Planas ve inminente el cierre del acuerdo UE-Mercosur, pese al rechazo del campo

M. Cedrón | E. Abuín MADRID

GANADERÍA

El ministro Planas con su homóloga francesa Annie Genevard ayer en Bruselas
El ministro Planas con su homóloga francesa Annie Genevard ayer en Bruselas OLIVIER HOSLET | EFE

El ministro de Agricultura confía en lograr una mayoría cualificada, con cláusulas de salvaguarda activadas a partir de un umbral del 8 %, mientras las protestas contra el acuerdo continúan

08 ene 2026 . Actualizado a las 18:15 h.

Culminar, por fin, el acuerdo entre la UE y Mercosur es para el ministro de Agricultura, Luis Planas, una cuestión prácticamente personal. Lo es porque, como recordó ayer durante un encuentro en Madrid con periodistas para hablar de los objetivos de su departamento para el nuevo año, fue allá a mediados de los años noventa cuando Manuel Marín, entonces vicepresidente de la Comisión Europea, dio los primeros pasos para establecer una zona de libre comercio con los países latinoamericanos que integran esta alianza (Brasil, Argentina, Uruguay y Paraguay). Y allí estaba trabajando Luis Planas, en su gabinete, «pasando muchas noches sin dormir». Tres décadas después, el titular de Agricultura cree que el acuerdo está cerca porque, como dijo, la UE está «en condiciones de alcanzar una mayoría cualificada que permita ratificar el acuerdo con Mercosur en los próximos días». Eso que Francia, y sobre todo sus agricultores y ganaderos, continúan oponiéndose al acuerdo.
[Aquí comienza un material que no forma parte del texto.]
(* Let $a, b \ge 2$ be even integers, at least one of which is not divisible by four. Then $R_\mathrm{cyc}(M_a^\mathrm{nest}, M_b^\mathrm{nest}) = a + b - 2$.
   Context: All graphs are finite, simple and undirected, and a graph of order $n$ has vertex set $\{0,1,\ldots,n-1\}$; $K_n$ is the complete graph on $\{0,\ldots,n-1\}$. A $2$-edge-coloring of $K_n$ assigns each edge a color in $\{1,2\}$. For a graph $H$ and such a coloring, an embedding of $H$ in color $j$ is an injective map $\varphi\colon V(H)\to V(K_n)$ such that for every edge $uv$ of $H$ the edge $\{\varphi(u),\varphi(v)\}$ has color $j$; it is increasing up to a cyclic permutation if there exists $t\in V(H)$ such that $(\varphi(t),\ldots,\varphi(|H|-1),\varphi(0),\ldots,\varphi(t-1))$ is increasing. The cyclic Ramsey number $R_\mathrm{cyc}(H_1,H_2)$ is the smallest $n$ such that every $2$-edge-coloring of $K_n$ admits an embedding of $H_1$ in color $1$ or of $H_2$ in color $2$ that is increasing up to a cyclic permutation. For even $n\ge2$, the nested matching $M_n^\mathrm{nest}$ is the graph of order $n$ whose edges are $\{v,n-1-v\}$ for $0\le v\le n/2-1$. *)

From mathcomp Require Import all_boot.
Set Implicit Arguments. Unset Strict Implicit. Unset Printing Implicit Defensive.

(* A graph of order h has vertex set 'I_h = {0,...,h-1}; its edges are given
   by a symmetric relation E : rel 'I_h. *)

Definition nest_edge (h : nat) : rel 'I_h :=
  fun u v => ((val u < h./2) && (val v == h.-1 - val u))
          || ((val v < h./2) && (val u == h.-1 - val v)).

(* 2-edge-colorings of K_n: a symmetric map on pairs of vertices with
   values in 'I_2 (color 1 <-> ord0, color 2 <-> ord_max); the values on
   the diagonal are irrelevant. *)
Definition coloring (n : nat) := 'I_n -> 'I_n -> 'I_2.
Definition sym_coloring n (c : coloring n) : Prop :=
  forall x y, c x y = c y x.

Definition embedding_in_color h n (E : rel 'I_h) (c : coloring n)
    (j : 'I_2) (phi : 'I_h -> 'I_n) : Prop :=
  injective phi /\ forall u v, E u v -> c (phi u) (phi v) = j.

(* increasing up to a cyclic permutation: there is t such that
   (phi t, ..., phi (h-1), phi 0, ..., phi (t-1)) is increasing *)
Definition cyc_increasing h n (phi : 'I_h -> 'I_n) : Prop :=
  exists t : 'I_h, forall u v : 'I_h,
    (val u + h - val t) %% h < (val v + h - val t) %% h ->
    val (phi u) < val (phi v).
(* Note: vertex u sits at position (u - t) mod h of the rotated sequence
   (t, ..., h-1, 0, ..., t-1). *)

Definition cyc_ramsey_prop h1 (E1 : rel 'I_h1) h2 (E2 : rel 'I_h2)
    (n : nat) : Prop :=
  forall c : coloring n, sym_coloring c ->
    (exists phi : 'I_h1 -> 'I_n,
        embedding_in_color E1 c ord0 phi /\ cyc_increasing phi) \/
    (exists phi : 'I_h2 -> 'I_n,
        embedding_in_color E2 c ord_max phi /\ cyc_increasing phi).

Definition Rcyc_eq h1 (E1 : rel 'I_h1) h2 (E2 : rel 'I_h2) (N : nat) : Prop :=
  cyc_ramsey_prop E1 E2 N /\ forall m, m < N -> ~ cyc_ramsey_prop E1 E2 m.

From mathcomp Require Import all_boot zify.
Set Implicit Arguments. Unset Strict Implicit. Unset Printing Implicit Defensive.
(* Let $S=(s_1,\dots,s_m)\in[n]^m$ and let $P=([a_1,b_1],\dots,[a_k,b_k])$ be a partition of $[n]$ into $k$ consecutive intervals, so $a_1=1$, $b_k=n$ and $a_{i+1}=b_i+1$. For each $i$, let $S_i$ be the sequence obtained by going through $S$ in order and, for each $s_j\in[a_i,b_i]$, appending $s_j-a_i+1$; thus $S_i$ is a sequence over $[b_i-a_i+1]$. Let $\tilde S=(\tilde s_1,\dots,\tilde s_m)\in[k]^m$ with $\tilde s_j=i$ iff $s_j\in[a_i,b_i]$. Then $\mathrm{OPT}(S)\le\sum_{i=1}^k\mathrm{OPT}(S_i)+3\,\mathrm{OPT}(\tilde S)$.
   Context: Dynamic BST model: for a sequence over key set $[N]$, an algorithm first chooses an initial BST on $[N]$. To serve access $s_t$ it touches a set of nodes forming a connected subtree containing the root and $s_t$, may rearrange the touched nodes into any BST shape (untouched subtrees reattached in the unique valid way), and pays the number of touched nodes. $\mathrm{OPT}$ of a sequence is the minimum total cost over all offline algorithms on its key set. *)

From mathcomp Require Import all_boot.
From mathcomp Require Import boolp.

Set Implicit Arguments.
Unset Strict Implicit.
Unset Printing Implicit Defensive.

Inductive tree := Leaf | Node of tree & nat & tree.

Fixpoint inorder (t : tree) : seq nat :=
  if t is Node l k r then inorder l ++ k :: inorder r else [::].

Definition is_bst (N : nat) (t : tree) : Prop := inorder t = iota 1 N.

Fixpoint anc (t : tree) (x : nat) : seq nat :=
  if t is Node l k r then
    k :: (if x == k then [::] else if x < k then anc l x else anc r x)
  else [::].

Fixpoint find_sub (t : tree) (x : nat) : tree :=
  if t is Node l k r then
    if x == k then t else if x < k then find_sub l x else find_sub r x
  else Leaf.

(* One access to s: the touched set R (without repetitions) is a connected
   subtree of T containing the root and s (closed under ancestors); the
   touched nodes are rearranged into a BST T' on [N] in which every untouched
   node keeps its whole subtree (untouched subtrees reattached). *)
Definition step (N : nat) (T : tree) (s : nat) (R : seq nat) (T' : tree) : Prop :=
  [/\ uniq R, {subset R <= inorder T}, s \in R,
      (forall x, x \in R -> {subset anc T x <= R}) &
      is_bst N T'] /\
      (forall x, x \in inorder T -> x \notin R -> find_sub T x = find_sub T' x).

Fixpoint serves (N : nat) (T : tree) (S : seq nat) (c : nat) : Prop :=
  if S is s :: S' then
    exists R T' c', [/\ step N T s R T', serves N T' S' c' & c = size R + c']
  else c = 0.

Definition feasible (N : nat) (S : seq nat) (c : nat) : Prop :=
  exists T0, is_bst N T0 /\ serves N T0 S c.

Lemma feasible_ex (N : nat) (S : seq nat) :
  (exists c, feasible N S c) -> exists c, `[< feasible N S c >].
Proof. by case=> c h; exists c; apply/asboolP. Qed.

(* OPT = minimum total cost (0 by convention if no algorithm exists) *)
Definition OPT (N : nat) (S : seq nat) : nat :=
  match pselect (exists c, feasible N S c) with
  | left H => ex_minn (feasible_ex H)
  | right _ => 0
  end.

(* From BSTs U on the block indices and T_i on the blocks, build a BST on [n] by
   replacing each index i of U by the first key a_i of block i, whose right child
   is its last key b_i, whose left subtree in turn holds the inner keys of block
   i arranged as in T_i.  An access to s in block j is simulated by touching both
   ends of every block touched by the access to j in U, together with the keys
   touched in T_j (shifted into place).  This set is closed under ancestors, and
   rearranging it according to the new U and the new T_j leaves every untouched
   subtree intact.  Each step thus costs at most 2 cost(U) + cost(T_j), so
   OPT(S) <= sum_i OPT(S_i) + 2 OPT(S~). *)

From mathcomp Require Import all_boot zify.
From mathcomp Require boolp.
Ese rechazo también ha aflorado en España. En Cataluña e incluso en Galicia.

Este jueves ha habido cortes de carreteras en la A9, a la altura de Perpignan; algunos tractores se hicieron fuertes ante la Torre Eiffel, el Arco del Triunfo, la puerta de Auteuil o la Asamblea Francesa y la mayoritaria Federación Nacional de Sindicatos de Explotaciones Agrícolas (FNSEA) acaba de convocar hoy una manifestación para el día 20 ante la sede del Parlamento europeo en Estrasburgo contra el acuerdo. En Galicia, en Ourense, los ganaderos han amenazado incluso que, en caso de ratificarse el convenio, «será la guerra».

Pero parece que Italia es la que tiene la sartén por el mango. Habrá que ver qué hace en la votación de este viernes sobre el porcentaje a partir del cual se aplicarán las cláusulas de salvaguarda aprobadas por Bruselas para proteger algunos productos agroalimentarios como la carne o los huevos. Lo que ha hecho el país mediterráneo es mover ficha al exigir un umbral de salvaguardia más estricto del 8% acordado finalmente entre Parlamento y Consejo. La propuesta inicial de la Comisión era que, para aplicar la salvaguarda, se superara el umbral del 10%, tanto en el volumen de importaciones de productos como la carne, las aves, los cítricos o el azúcar,  calculado sobre el volumen medio de los tres años anteriores, como en la bajada del precio de los productos foráneos con respecto al coste de los que se producen dentro de la UE. El Parlamento, en cambio, pidió rebajarlo hasta el 5%. Pero se optó por un índice de consenso del 8%, que ahora Italia quiere rebajar al 5%. En caso de que esos umbrales se sobrepasen, podrían bloquearse de manera temporal las ventajas comerciales para esos productos. La postura de España es que se apruebe el acuerdo, como repitió Luis Planas. 

Habrá que ver qué es lo que se decide este viernes durante la reunión de los embajadores de los distintos países de la UE. En caso de que lleguen a un acuerdo sobre el índice de salvaguarda, esta tendrá que comunicarse al Parlamento europeo, para luego ver lo que le encargan hacer al Ejecutivo comunitario. Fuentes consultadas por Europa Press aseguran que Ursula von der Leyen, podría viajar a Paraguay, país que ocupa actualmente la presidencia pro tempore del bloque sudamericano, para firmar el acuerdo el lunes o el martes.

 Eso alegraría a Luis Planas. Porque como no se cansó de repetir no tiene duda de que Mercosur «es una oportunidad para el sector agroalimentario, también para el aceite de oliva y para el vino» y no hay que verlo como una amenaza: «Es un grave error verlo como una amenaza (...) es una oportunidad y los acontecimientos de los últimos días [en relación a lo ocurrido en Venezuela] refuerzan esa situación».